Queen Ifrica has been added to A Taste of Reggae Sumfest, a booking that gives the July 18 Plantation Cove staging immediate roots-reggae weight and a clearer sense of the crowd organizers are targeting. With Vybz Kartel and Mavado already set to share one stage, Queen Ifrica brings a different kind of pull: the voice, catalog and live presence of a singer whose name still carries real respect in the dancehall and roots-reggae space.
The 2026 edition is being presented as a one-night cultural experience at Plantation Cove in St. Ann, Jamaica, not a full shift away from Montego Bay. Organizers have stressed that the show is a one-off staging, and Joe Bogdanovich has made clear that Montego Bay remains the home of Reggae Sumfest and a vital part of its history and future. That framing matters, because the Plantation Cove date is being sold as an event upgrade, not a relocation story.

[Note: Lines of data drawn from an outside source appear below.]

(* Let $(V,\nu,\tau,\tau^* )$ be a PN space in which $\nu(V)\subseteq D^+$ and $\tau(D^+\times D^+)\subseteq D^+$. Then every $D$-compact subset $A$ of $V$ is $D$-bounded and closed (in the strong topology).
   Context: $\Delta^{+}$ is the set of functions $F:[-\infty,+\infty]\to[0,1]$ that are left-continuous on $\mathbb{R}$, nondecreasing, with $F(0)=0$ and $F(+\infty)=1$, ordered pointwise; $D^{+}=\{F\in\Delta^{+}: l^{-}F(+\infty)=1\}$, where $l^{-}f(x)=\lim_{t\to x^{-}}f(t)$. $\varepsilon_0$ is the d.f. equal to $0$ for $x\le0$ and $1$ for $x>0$. A triangle function is a map $\tau:\Delta^+\times\Delta^+\to\Delta^+$ that is associative, commutative, nondecreasing in each argument, with unit $\varepsilon_0$. A PN space is a quadruple $(V,\nu,\tau,\tau^* )$ with $V$ a real vector space, $\tau\le\tau^*$ continuous triangle functions, and $\nu:V\to\Delta^+$ such that for all $p,q\in V$: (N1) $\nu_p=\varepsilon_0$ iff $p=\theta$; (N2) $\nu_{-p}=\nu_p$; (N3) $\nu_{p+q}\ge\tau(\nu_p,\nu_q)$; (N4) $\nu_p\le\tau^*(\nu_{\lambda p},\nu_{(1-\lambda)p})$ for all $\lambda\in[0,1]$. The strong topology on $V$ is generated by the neighborhoods $N_p(\lambda)=\{q\in V:\nu_{p-q}(\lambda)>1-\lambda\}$, $\lambda>0$; $(p_m)$ strongly converges to $p$ if for every $\lambda>0$ eventually $p_m\in N_p(\lambda)$. For nonempty $A\subseteq V$, $R_A(x)=l^{-}\inf\{\nu_q(x):q\in A\}$ for $x\in[0,+\infty)$ and $R_A(+\infty)=1$; $A$ is $D$-bounded if $R_A\in D^+$. A subset $A\subseteq V$ is $D$-compact if every sequence in $A$ has a subsequence strongly converging to a vector of $A$. *)

From Stdlib Require Import Reals.
From Coquelicot Require Import Coquelicot.
Open Scope R_scope.

(* A distance distribution function F : [-oo,+oo] -> [0,1] is represented by its
   restriction to R; the values F(-oo) = 0 and F(+oo) = 1 are implicit
   (F(+oo) = 1 is part of the definition of Delta^+, and F(-oo) = 0 is forced by
   monotonicity and F(0) = 0). *)
Definition dfun := R -> R.

Definition left_continuous (F : dfun) : Prop :=
  forall x : R, filterlim F (at_left x) (locally (F x)).

Definition nondecreasing (F : dfun) : Prop :=
  forall x y : R, x <= y -> F x <= F y.

Definition in_Delta (F : dfun) : Prop :=
  (forall x, 0 <= F x <= 1) /\ left_continuous F /\ nondecreasing F /\ F 0 = 0.

Definition in_Dplus (F : dfun) : Prop :=
  in_Delta F /\ is_lim F p_infty 1.

Definition dle (F G : dfun) : Prop := forall x, F x <= G x.
Definition deq (F G : dfun) : Prop := forall x, F x = G x.

Definition eps0 : dfun := fun x => if Rle_dec x 0 then 0 else 1.

Definition triangle_function (tau : dfun -> dfun -> dfun) : Prop :=
  (forall F G, in_Delta F -> in_Delta G -> in_Delta (tau F G)) /\
  (forall F G H, in_Delta F -> in_Delta G -> in_Delta H ->
     deq (tau (tau F G) H) (tau F (tau G H))) /\
  (forall F G, in_Delta F -> in_Delta G -> deq (tau F G) (tau G F)) /\
  (forall F F' G, in_Delta F -> in_Delta F' -> in_Delta G -> dle F F' ->
     dle (tau F G) (tau F' G)) /\
  (forall F G G', in_Delta F -> in_Delta G -> in_Delta G' -> dle G G' ->
     dle (tau F G) (tau F G')) /\
  (forall F, in_Delta F -> deq (tau F eps0) F).

Definition weak_conv (Fn : nat -> dfun) (F : dfun) : Prop :=
  forall x : R, continuous F x -> is_lim_seq (fun n => Fn n x) (F x).

(* continuity of a triangle function w.r.t. the (metrizable) topology of weak
   convergence on Delta^+, stated sequentially *)
Definition tf_continuous (tau : dfun -> dfun -> dfun) : Prop :=
  forall (Fn Gn : nat -> dfun) (F G : dfun),
    (forall n, in_Delta (Fn n)) -> (forall n, in_Delta (Gn n)) ->
    in_Delta F -> in_Delta G ->
    weak_conv Fn F -> weak_conv Gn G ->
    weak_conv (fun n => tau (Fn n) (Gn n)) (tau F G).

Definition PN_space {V : ModuleSpace R_Ring} (nu : V -> dfun)
  (tau taus : dfun -> dfun -> dfun) : Prop :=
  triangle_function tau /\ tf_continuous tau /\
  triangle_function taus /\ tf_continuous taus /\
  (forall F G, in_Delta F -> in_Delta G -> dle (tau F G) (taus F G)) /\
  (forall p : V, in_Delta (nu p)) /\
  (forall p : V, deq (nu p) eps0 <-> p = zero) /\
  (forall p : V, deq (nu (opp p)) (nu p)) /\
  (forall p q : V, dle (tau (nu p) (nu q)) (nu (plus p q))) /\
  (forall (p : V) (l : R), 0 <= l <= 1 ->
              dle (nu p) (taus (nu (scal l p)) (nu (scal (1 - l) p)))).

Definition N_strong {V : ModuleSpace R_Ring} (nu : V -> dfun) (p : V) (l : R)
  (q : V) : Prop := nu (minus p q) l > 1 - l.

Definition strong_open {V : ModuleSpace R_Ring} (nu : V -> dfun) (U : V -> Prop)
  : Prop :=
  forall p, U p -> exists l, l > 0 /\ forall q, N_strong nu p l q -> U q.

Definition strong_closed {V : ModuleSpace R_Ring} (nu : V -> dfun)
  (A : V -> Prop) : Prop :=
  strong_open nu (fun p => ~ A p).

Definition strong_conv {V : ModuleSpace R_Ring} (nu : V -> dfun)
  (pm : nat -> V) (p : V) : Prop :=
  forall l, l > 0 -> exists N : nat, forall m, (N <= m)%nat -> N_strong nu p l (pm m).

Definition D_compact {V : ModuleSpace R_Ring} (nu : V -> dfun) (A : V -> Prop)
  : Prop :=
  forall pm : nat -> V, (forall m, A (pm m)) ->
    exists (phi : nat -> nat) (p : V),
      (forall m, (phi m < phi (S m))%nat) /\ A p /\ strong_conv nu (fun m => pm (phi m)) p.

Definition inf_nu {V : ModuleSpace R_Ring} (nu : V -> dfun) (A : V -> Prop)
  (t : R) : R :=
  real (Glb_Rbar (fun y => exists q, A q /\ y = nu q t)).

Definition is_R_A {V : ModuleSpace R_Ring} (nu : V -> dfun) (A : V -> Prop)
  (F : dfun) : Prop :=
  forall x, 0 <= x -> filterlim (inf_nu nu A) (at_left x) (locally (F x)).

Definition D_bounded {V : ModuleSpace R_Ring} (nu : V -> dfun) (A : V -> Prop)
  : Prop :=
  exists F, is_R_A nu A F /\ in_Dplus F.

From Stdlib Require Import Reals Lra Lia Classical ClassicalEpsilon.
From Coquelicot Require Import Coquelicot.
Open Scope R_scope.

(* Strong limits are unique: by (N3), nu (p - p') >= tau (nu (p - r_m)) (nu (r_m - p')),
   and by the continuity of tau the right-hand side tends weakly to
   tau eps0 eps0 = eps0.  So if p is in the strong closure of A, a sequence of A
   converging strongly to p has, by D-compactness, a subsequence converging to a point
   of A, which must be p: A is closed.
   For D-boundedness, t |-> inf_{q in A} nu_q(t) is nondecreasing, so R_A is its
   left-limit function, and R_A tends to 1 because nu_q(x) >= 1 - e uniformly on A
   for x large: otherwise some q_n in A have nu_{q_n}(n) < 1 - e, a subsequence
   converges to p in A, and (N3) with the continuity of tau makes nu_{q_n}(x)
   eventually almost as large as nu_p(x), which tends to 1. *)

Lemma plus_minus_cancel_r {G : AbelianGroup} (x y : G) : plus (minus x y) y = x.
Proof.
  unfold minus. rewrite <- plus_assoc, plus_opp_l, plus_zero_r. reflexivity.
Qed.

Lemma minus_eq_zero_eq {G : AbelianGroup} (x y : G) : minus x y = zero -> x = y.
Proof.
  intro Hxy. rewrite <- (plus_minus_cancel_r x y), Hxy. apply plus_zero_l.
Qed.

Lemma strict_incr_ge_id (phi : nat -> nat) :
  (forall m, (phi m < phi (S m))%nat) -> forall m, (m <= phi m)%nat.
Proof.
  intros Hphi m. induction m as [|m IH]; [lia|]. specialize (Hphi m). lia.
Qed.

For Queen Ifrica, whose real name is Ventrice Morgan, the booking lands with added significance because her Sumfest history reaches back to Singers Night early in her career, after a set by Buju Banton. Reggaeville has long associated her with socially conscious music and community outreach, and that reputation makes her a natural fit for a bill that wants credibility as well as excitement. Her presence broadens the tone of the show beyond novelty and places a serious Jamaican female voice alongside two of the biggest names in recent reggae and dancehall conversation.
She has also entered 2026 with new momentum. Tuff Gong International released her single “Lanton” this year, and she was also preparing for a May 25 performance at City Splash Festival in London, a sign that her live schedule is active well beyond Jamaica. That kind of current movement matters at a summer festival, where artists are judged not only by name recognition but by how sharply they are sounding right now.
The logistics around Plantation Cove are already part of the story. The Jamaica Constabulary Force and organisers have been working on traffic-management measures because congestion around the venue’s limited entrance has been a recurring problem, with the Priory corridor identified as a bottleneck for motorists coming from Kingston. With Queen Ifrica now on board, A Taste of Sumfest looks even more like a carefully shaped statement about range, roots and draw.